How Our Fight for 4 Species Helped Save the Sierra Nevada
A decades-long fight for four imperiled species — and an entire landscape — is nearly complete.
Deep in eastern California lies a glacier-carved landscape so lofty and vast it creates its own weather.
Each year, the Sierra Nevada mountains draw millions of people to hike among pale granite peaks, swim in alpine lakes, and stand among towering trees of pine, cedar, and fir. A global biodiversity hotspot that attracts researchers and wildlife enthusiasts alike, visitors to the Sierra might see black bears, mule deer, or even bighorn sheep, as well as many birds and amphibians.
Yet decades of mismanagement and abuse have exacted a heavy toll on the Sierra’s precious natural resources.
Beginning with the arrival of Europeans in the 1800s and accelerating rapidly after World War II, unrestricted development largely ruled the Sierra landscape. Loggers practiced a “cut and get out” mentality that left miles of tree stumps littering the west like wooden headstones; angler enthusiasts stocked the thousands of naturally fishless, high alpine lakes with ravenous trout that devoured native amphibian species; and ranchers allowed throngs of cattle to trample grasslands and riparian areas, muddying and polluting streams.
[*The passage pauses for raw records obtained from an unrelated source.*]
(* Let $m\ge 1$, $k\ge 2$ and $n\ge k-1$. Let $P(\mathbf x)=\prod_{i=1}^n\big((x_i-1)^{\underline m}\big)^k$. Let $P_0$ be the unique polynomial in $V_{m,k}$ such that $P-P_0$ has a zero of multiplicity at least $k$ at every point of $mB^n\setminus\{\mathbf 0\}$ and a zero of multiplicity at least $k-1$ at $\mathbf 0$. Then the homogeneous component of $P_0$ of degree $mn+(m+1)(k-1)-1$ is divisible by $(x_1\cdots x_n)^m$.
   Context: $mB^n=\{0,1,\ldots,m\}^n$. Falling factorials are $(y)^{\underline 0}=1$ and $(y)^{\underline j}=y(y-1)\cdots(y-j+1)$ for $j\ge1$, so $(x_i-1)^{\underline m}=(x_i-1)(x_i-2)\cdots(x_i-m)$. A polynomial has a zero of multiplicity at least $k$ at $\mathbf a$ if all its partial derivatives of order less than $k$ vanish at $\mathbf a$. For an integer $k\ge 2$, a polynomial $Q\in\mathbb{R}[x_1,\ldots,x_n]$ is called $(m,k)$-reduced if two conditions hold: $\deg Q\le mn+(m+1)(k-1)-1$, and no monomial of $Q$ is divisible by $x_{i_1}^{m+1}\cdots x_{i_k}^{m+1}$ for any indices $i_1,\ldots,i_k$ (not necessarily distinct). $V_{m,k}$ is the space of $(m,k)$-reduced polynomials. The existence and uniqueness of $P_0$ are known. *)

From Stdlib Require Import Rdefinitions.
From HB Require Import structures.
From mathcomp Require Import all_boot all_order all_algebra.
From mathcomp Require Import mpoly.
From mathcomp Require Import Rstruct.

Set Implicit Arguments.
Unset Strict Implicit.
Unset Printing Implicit Defensive.

Import Order.TTheory GRing.Theory Num.Theory.
Local Open Scope ring_scope.

Definition ffall (n m : nat) (i : 'I_n) : {mpoly R[n]} :=
  \prod_(j < m) ('X_i - (j.+1)%:R%:MP).

Definition Ppoly (n m k : nat) : {mpoly R[n]} :=
  \prod_(i < n) (ffall m i) ^+ k.

Definition mult_ge (n : nat) (Q : {mpoly R[n]}) (r : nat) (a : 'I_n -> R) : Prop :=
  forall al : 'X_{1..n}, (mdeg al < r)%N -> (Q^`M[al]).@[a] = 0.

(* The monomial x^s is divisible by x_{i_1}^{m+1} ... x_{i_k}^{m+1} for some
   indices i_1..i_k (not necessarily distinct) given by f : 'I_k -> 'I_n. *)
Definition mon_div_by (n m k : nat) (s : 'X_{1..n}) : Prop :=
  exists f : 'I_k -> 'I_n,
    forall i : 'I_n, ((m.+1) * #|[set j | f j == i]| <= s i)%N.

(* (m,k)-reduced polynomials: the space V_{m,k}. *)
Definition reduced (n m k : nat) (Q : {mpoly R[n]}) : Prop :=
  (msize Q <= (m * n + m.+1 * (k - 1) - 1).+1)%N /\
  forall s : 'X_{1..n}, s \in msupp Q -> ~ mon_div_by m k s.

Definition grid_pt (n m : nat) (a : 'I_n -> 'I_m.+1) : 'I_n -> R :=
  fun i => ((a i : nat)%:R : R).

Definition homog_comp (n : nat) (d : nat) (Q : {mpoly R[n]}) : {mpoly R[n]} :=
  pihomog mdeg d Q.

From Stdlib Require Import Rdefinitions.
From HB Require Import structures.
From mathcomp Require Import all_boot all_order all_algebra.
From mathcomp Require Import mpoly.
From mathcomp Require Import Rstruct.
From mathcomp Require Import ring.
From mathcomp Require Import zify.

(* Suppose a monomial x^s of top degree d = mn + (m+1)(k-1) - 1 occurs in P0
   with s_j < m.  As P0 is reduced, the quotients s_i / (m+1) sum to at most
   k - 1, and counting degrees forces them to sum to exactly k - 1, with
   remainders m - 1 at j and m elsewhere.  Hermite interpolation on the nodes
   {0, ..., m} (avoiding 0 for the coordinate j) gives, for each i, a
   combination of derivatives of order at most s_i / (m+1) that is dual to
   x_i^{s_i} on polynomials of degree at most s_i.  Their tensor product
   extracts the coefficient of x^s from P0, since every other monomial of
   degree at most d has some exponent below s_i; but it only involves
   derivatives of total order < k at grid points with x_j <> 0, where P0
   vanishes to order k just like P.  So the coefficient of x^s is 0. *)

Set Implicit Arguments.
Unset Strict Implicit.
Unset Printing Implicit Defensive.

Import GRing.Theory Num.Theory.
Local Open Scope ring_scope.

Section HermiteInterpolation.
Variable F : numFieldType.
Implicit Types (p q : {poly F}) (a : F) (s : seq F).

Lemma derivnS_XsubC_mul a q b :
  (('X - a%:P) * q)^`(b.+1) = q^`(b) *+ b.+1 + ('X - a%:P) * q^`(b.+1).
Proof.
elim: b => [|b IH]; first by rewrite derivn1 derivM derivXsubC mul1r derivn0.
rewrite derivnS IH derivD derivMn derivM derivXsubC mul1r -!derivnS.
by rewrite addrA -mulrSr.
Qed.

Lemma XsubC_exp_dvdp a tau p :
  (forall b, (b < tau)%N -> (p^`(b)).[a] = 0) -> ('X - a%:P) ^+ tau %| p.
Proof.
elim: tau p => [|tau IH] p p_a; first by rewrite expr0 dvd1p.
have /factor_theorem [q p_eq] : root p a.
  by apply/rootP; rewrite -[p]derivn0; apply: p_a.
rewrite p_eq exprSr dvdp_mul2r ?polyXsubC_eq0 //; apply: IH => b lt_b_tau.
have /eqP := p_a b.+1 lt_b_tau.
rewrite p_eq mulrC derivnS_XsubC_mul hornerD hornerMn hornerM hornerXsubC subrr.
by rewrite mul0r addr0 mulrn_eq0 /= => /eqP.
Qed.

Lemma prod_XsubC_exp_dvdp s tau p : uniq s ->
  (forall a, a \in s -> forall b, (b < tau)%N -> (p^`(b)).[a] = 0) ->
  \prod_(a <- s) ('X - a%:P) ^+ tau %| p.
Proof.
elim: s => [|a s IH] /=; first by rewrite big_nil dvd1p.
move=> /andP[a_notin_s uniq_s] p_s; rewrite big_cons Gauss_dvdp.
  rewrite XsubC_exp_dvdp ?IH // => [x x_s|b lt_b_tau].
    by apply: p_s; rewrite inE x_s orbT.
  by apply: p_s; rewrite ?inE ?eqxx.
apply: coprimep_expl; rewrite coprimep_sym coprimep_XsubC.
rewrite /root horner_prod prodf_seq_neq0; apply/allP => x x_s /=.
rewrite horner_exp hornerXsubC expf_neq0 // subr_eq0.
by apply: contraNneq a_notin_s => ->.
Qed.

Lemma size_prod_XsubC_exp s tau :
  size (\prod_(a <- s) ('X - a%:P) ^+ tau) = (size s * tau).+1.
Proof.
elim: s => [|a s IH]; first by rewrite big_nil size_poly1.
rewrite big_cons mulrC size_Mmonic ?monic_exp ?monicXsubC -?size_poly_eq0 ?IH //.
by rewrite size_exp_XsubC /= mulSn addnC addSn.
Qed.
While government agencies like the U.S. Forest Service oversaw this destruction, scientists warned that these harmful practices threatened an ecological wonder that is home to hundreds of species and some of the largest trees in the world.
Conservationists knew they had to fundamentally change the way that people saw the Sierra. With the help of Earthjustice, a powerful legal tool called the Endangered Species Act (ESA), and the seeds of a strategy first planted in the Pacific Northwest, they created a plan to protect four key critters that would force the government to develop an ecosystem-based approach for an 11.5-million-acre expanse of land. They called these critters their “Sierra Species.”
Over the next few decades, the fight to get federal protections for the mountain yellow-legged frog, the Yosemite toad, the Pacific fisher, and the California spotted owl would change forest management in the Sierra forever. In 2024, this decades-long battle will come to a long-awaited end when the last of the four species, the California spotted owl, is expected to finally get Endangered Species Act protections.
In the late 1980s, Craig Thomas could see the destruction of the Sierra firsthand through countless road trips and aerial flyovers across the landscape.
“We were liquidating old-growth forests as fast as we could,” says Thomas. “We nearly whacked them all.”
Thomas, at the time the conservation director of Sierra Forest Legacy, decided to join up with Noah Greenwald at the Center for Biological Diversity, which had been using the Endangered Species Act to force the government to protect imperiled species and the ecosystems they depend upon.
Passed in 1973, the Endangered Species Act is a powerful environmental law that establishes a fundamental right to exist for the animal and plant species with which we share our planet. Today, more than 99% of species listed under the act have avoided extinction.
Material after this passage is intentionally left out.